Being smart is a good thing, it is possible to be smart — some people are — so why isn’t everybody?
He is asking from an evolutionary perspective why it is that stupid people exist. It is the same question that I asked about short males, like myself (or David Friedman). There I pointed out that with mean regression, tall males will tend to have offspring who are shorter than themselves. Similarly regression to the mean would happen with intelligence. I also wrote,
I would speculate that for many generations, evolution did not care much about your IQ. In the past few hundred years, with modern culture, IQ began to matter more.
The mean reversion story requires that there is a point at which too much of something is harmful. At some point, too much height is bad for a man’s survival. I think there is evidence for that. The skeleton becomes stressed and other problems arise when someone is extremely tall.
One would have to make a similar case concerning intelligence. That is, beyond some point, you tend to be worse off with a higher IQ.
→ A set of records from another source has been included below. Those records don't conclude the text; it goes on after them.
Definition iso_isometric_deformation (m n : nat) (F : net) (Ft : R -> net) : Prop :=
  (forall i j, (i <= m)%N -> (j <= n)%N -> Ft 0 i j = F i j) /\
  (forall i j, (i <= m)%N -> (j <= n)%N ->
     {within unit_int, continuous (fun t => px (Ft t i j))} /\
     {within unit_int, continuous (fun t => py (Ft t i j))} /\
     {within unit_int, continuous (fun t => pz (Ft t i j))}) /\
  (forall t, 0 <= t <= 1 ->
     is_net m n (Ft t) /\
     (forall i j, (i < m)%N -> (j < n)%N -> faces_congruent F (Ft t) i j) /\
     (forall i j, nonboundary m n i j -> curvature (Ft t) i j = curvature F i j)).

Definition trivial_deformation (m n : nat) (F : net) (Ft : R -> net) : Prop :=
  forall t, 0 <= t <= 1 ->
    exists f, is_iso_cong f /\
      forall i j, (i <= m)%N -> (j <= n)%N -> Ft t i j = f (F i j).

Definition flexible (m n : nat) (F : net) : Prop :=
  exists Ft, iso_isometric_deformation m n F Ft /\ ~ trivial_deformation m n F Ft.

Definition v_parallel (m n : nat) (F G : net) : Prop :=
  forall i j, (i <= m)%N -> (j <= n)%N ->
    px (G i j) = px (F i j) /\ py (G i j) = py (F i j).

End IsotropicNets.

From mathcomp Require Import all_boot all_order all_algebra.
From mathcomp Require Import all_classical all_reals all_analysis.
From mathcomp Require Import ring lra zify.
Set Implicit Arguments. Unset Strict Implicit. Unset Printing Implicit Defensive.
Import Order.TTheory GRing.Theory Num.Theory numFieldNormedType.Exports.
Local Open Scope ring_scope.

(* An isotropic congruence acts on top views as a planar motion and adds an
   affine function to heights.  Given an isotropic isometric deformation F(t),
   let G(t) have the top view of F and the heights of F(t).  Each face of G(t)
   is the image of the face of F under the height part alone (a shear), so the
   faces stay convex and congruent.  Dual-convexity makes every face plane
   non-vertical, so adjacent faces share an edge with a non-degenerate top
   view; hence the planar parts of all face congruences F -> F(t) coincide and
   F(t) is a single planar motion of G(t).  A planar motion rotates the top
   views of the dual points, so curvatures agree, and a congruence F -> G(t)
   composes with it to a congruence F -> F(t), so G(t) is nontrivial whenever
   F(t) is. *)

Section IsotropicGeometry.
Variable R : realType.
Implicit Types (A B C D O P Q X N : pt R) (F G H : net R).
Friedman offers three possible explanations: a smarter brain may require more energy, so there will be environments in which someone with a lesser brain is more likely to survive; a smarter brain may lead one to perceive advantages in not reproducing, so a lesser brain is more likely to reproduce; a smarter brain may be more fragile, so a lesser brain may be better able to withstand genetic or environmental adversity.
As for today, I read (mis-read?) Joseph Bronski as suggesting that the socialism of the welfare state takes away a lot of selection pressure that might otherwise have weeded out people with low intelligence or poor emotional makeup. And that this population is more likely to favor socialism, so there is a feedback loop operating.
Anyway, I think that all it takes for a society to continue to produce people without genius IQs is for there to be some point at which higher IQ actually reduces fitness on average. There are many ways that a high-IQ person could be more fragile. More of the brain works on abstract stuff, and so the person loses concrete skills (the proverbial absent-minded professor). Or the person becomes more of a cognitive specialist, lacking general wisdom.
If high-IQ brains are more fragile, then mean regression kicks in to forestall any tendency for everyone to become geniuses. Just as the son of a tall male is likely to be shorter than his father, the son of a genius male is likely to be less of a genius than in his father. There will be individual exceptions, of course, but statistically you are more likely to see mean regression.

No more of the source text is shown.